Saved entries:

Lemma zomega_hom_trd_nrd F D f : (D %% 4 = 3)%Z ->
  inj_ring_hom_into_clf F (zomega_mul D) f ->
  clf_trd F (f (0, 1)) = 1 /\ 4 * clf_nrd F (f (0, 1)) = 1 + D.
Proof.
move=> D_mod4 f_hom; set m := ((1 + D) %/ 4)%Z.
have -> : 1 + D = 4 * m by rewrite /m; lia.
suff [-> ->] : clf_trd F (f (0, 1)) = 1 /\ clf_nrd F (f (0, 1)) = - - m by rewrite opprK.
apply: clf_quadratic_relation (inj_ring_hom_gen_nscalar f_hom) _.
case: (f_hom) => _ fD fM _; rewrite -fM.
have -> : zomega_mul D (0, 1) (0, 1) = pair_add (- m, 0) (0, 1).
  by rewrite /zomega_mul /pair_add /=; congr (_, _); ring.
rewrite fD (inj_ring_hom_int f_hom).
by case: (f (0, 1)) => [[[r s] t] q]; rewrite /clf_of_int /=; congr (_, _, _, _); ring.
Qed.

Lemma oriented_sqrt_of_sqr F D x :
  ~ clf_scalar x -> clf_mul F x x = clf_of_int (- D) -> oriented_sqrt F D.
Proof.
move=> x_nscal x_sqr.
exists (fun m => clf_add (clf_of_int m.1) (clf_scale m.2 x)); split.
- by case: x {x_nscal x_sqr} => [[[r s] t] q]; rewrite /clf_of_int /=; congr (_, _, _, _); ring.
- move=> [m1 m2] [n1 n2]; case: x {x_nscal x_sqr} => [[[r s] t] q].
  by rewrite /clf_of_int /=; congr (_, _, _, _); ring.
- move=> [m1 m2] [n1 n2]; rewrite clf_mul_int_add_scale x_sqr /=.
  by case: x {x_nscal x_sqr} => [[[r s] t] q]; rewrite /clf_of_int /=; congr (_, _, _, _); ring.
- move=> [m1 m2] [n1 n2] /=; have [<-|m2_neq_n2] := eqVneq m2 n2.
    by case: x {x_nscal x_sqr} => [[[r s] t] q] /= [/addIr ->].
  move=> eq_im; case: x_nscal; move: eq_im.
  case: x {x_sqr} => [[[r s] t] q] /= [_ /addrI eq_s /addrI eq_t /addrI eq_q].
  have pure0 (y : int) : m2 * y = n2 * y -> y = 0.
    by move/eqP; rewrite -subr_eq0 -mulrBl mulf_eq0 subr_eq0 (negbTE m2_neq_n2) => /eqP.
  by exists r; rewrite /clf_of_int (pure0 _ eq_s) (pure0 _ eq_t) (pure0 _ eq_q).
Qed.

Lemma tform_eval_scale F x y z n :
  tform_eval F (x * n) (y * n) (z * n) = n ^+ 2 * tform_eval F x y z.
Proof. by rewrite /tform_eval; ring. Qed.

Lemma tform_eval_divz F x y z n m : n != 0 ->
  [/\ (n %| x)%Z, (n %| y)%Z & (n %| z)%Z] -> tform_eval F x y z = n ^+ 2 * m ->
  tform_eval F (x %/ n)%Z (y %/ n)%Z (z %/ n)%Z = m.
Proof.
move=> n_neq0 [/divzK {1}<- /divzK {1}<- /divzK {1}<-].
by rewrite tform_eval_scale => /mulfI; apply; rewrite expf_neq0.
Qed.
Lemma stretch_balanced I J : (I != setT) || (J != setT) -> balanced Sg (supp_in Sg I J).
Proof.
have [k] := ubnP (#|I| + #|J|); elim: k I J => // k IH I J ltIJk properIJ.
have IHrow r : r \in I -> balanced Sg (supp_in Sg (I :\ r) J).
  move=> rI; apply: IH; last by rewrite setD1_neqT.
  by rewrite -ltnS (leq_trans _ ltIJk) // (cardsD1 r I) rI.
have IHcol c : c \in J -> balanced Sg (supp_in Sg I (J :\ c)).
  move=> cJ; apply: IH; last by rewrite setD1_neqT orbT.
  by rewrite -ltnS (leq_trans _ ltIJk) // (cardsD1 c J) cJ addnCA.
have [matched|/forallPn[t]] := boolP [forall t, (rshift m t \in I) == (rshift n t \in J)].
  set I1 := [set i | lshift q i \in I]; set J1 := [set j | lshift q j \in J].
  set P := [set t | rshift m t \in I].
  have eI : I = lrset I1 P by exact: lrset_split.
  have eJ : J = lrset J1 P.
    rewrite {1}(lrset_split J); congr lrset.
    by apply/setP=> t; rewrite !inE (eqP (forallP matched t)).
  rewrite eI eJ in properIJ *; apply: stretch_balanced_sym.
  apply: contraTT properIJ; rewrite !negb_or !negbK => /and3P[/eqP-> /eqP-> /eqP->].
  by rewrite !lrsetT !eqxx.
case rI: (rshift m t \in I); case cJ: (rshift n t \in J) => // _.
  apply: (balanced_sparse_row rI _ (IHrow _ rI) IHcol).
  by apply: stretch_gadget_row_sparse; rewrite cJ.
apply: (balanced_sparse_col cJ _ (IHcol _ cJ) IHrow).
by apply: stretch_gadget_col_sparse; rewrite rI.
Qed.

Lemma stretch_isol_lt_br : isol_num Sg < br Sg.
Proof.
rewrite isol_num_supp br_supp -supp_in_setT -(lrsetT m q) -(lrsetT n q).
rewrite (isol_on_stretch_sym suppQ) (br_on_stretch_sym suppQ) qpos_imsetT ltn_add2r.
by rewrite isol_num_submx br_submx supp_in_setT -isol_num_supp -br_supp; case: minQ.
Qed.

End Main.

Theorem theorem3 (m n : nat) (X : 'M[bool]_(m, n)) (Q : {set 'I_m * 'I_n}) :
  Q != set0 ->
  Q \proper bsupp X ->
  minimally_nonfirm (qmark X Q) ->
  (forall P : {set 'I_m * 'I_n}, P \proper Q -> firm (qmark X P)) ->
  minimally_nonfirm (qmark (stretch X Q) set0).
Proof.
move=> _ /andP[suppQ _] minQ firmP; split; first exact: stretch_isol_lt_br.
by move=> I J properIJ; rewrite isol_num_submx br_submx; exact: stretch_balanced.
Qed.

Task goal - Please print the records above exactly from their first line. End with the line containing "rewrite fD (inj_ring_hom_int f_hom).", and include it.

Solution -
Lemma zomega_hom_trd_nrd F D f : (D %% 4 = 3)%Z ->
  inj_ring_hom_into_clf F (zomega_mul D) f ->
  clf_trd F (f (0, 1)) = 1 /\ 4 * clf_nrd F (f (0, 1)) = 1 + D.
Proof.
move=> D_mod4 f_hom; set m := ((1 + D) %/ 4)%Z.
have -> : 1 + D = 4 * m by rewrite /m; lia.
suff [-> ->] : clf_trd F (f (0, 1)) = 1 /\ clf_nrd F (f (0, 1)) = - - m by rewrite opprK.
apply: clf_quadratic_relation (inj_ring_hom_gen_nscalar f_hom) _.
case: (f_hom) => _ fD fM _; rewrite -fM.
have -> : zomega_mul D (0, 1) (0, 1) = pair_add (- m, 0) (0, 1).
  by rewrite /zomega_mul /pair_add /=; congr (_, _); ring.
rewrite fD (inj_ring_hom_int f_hom).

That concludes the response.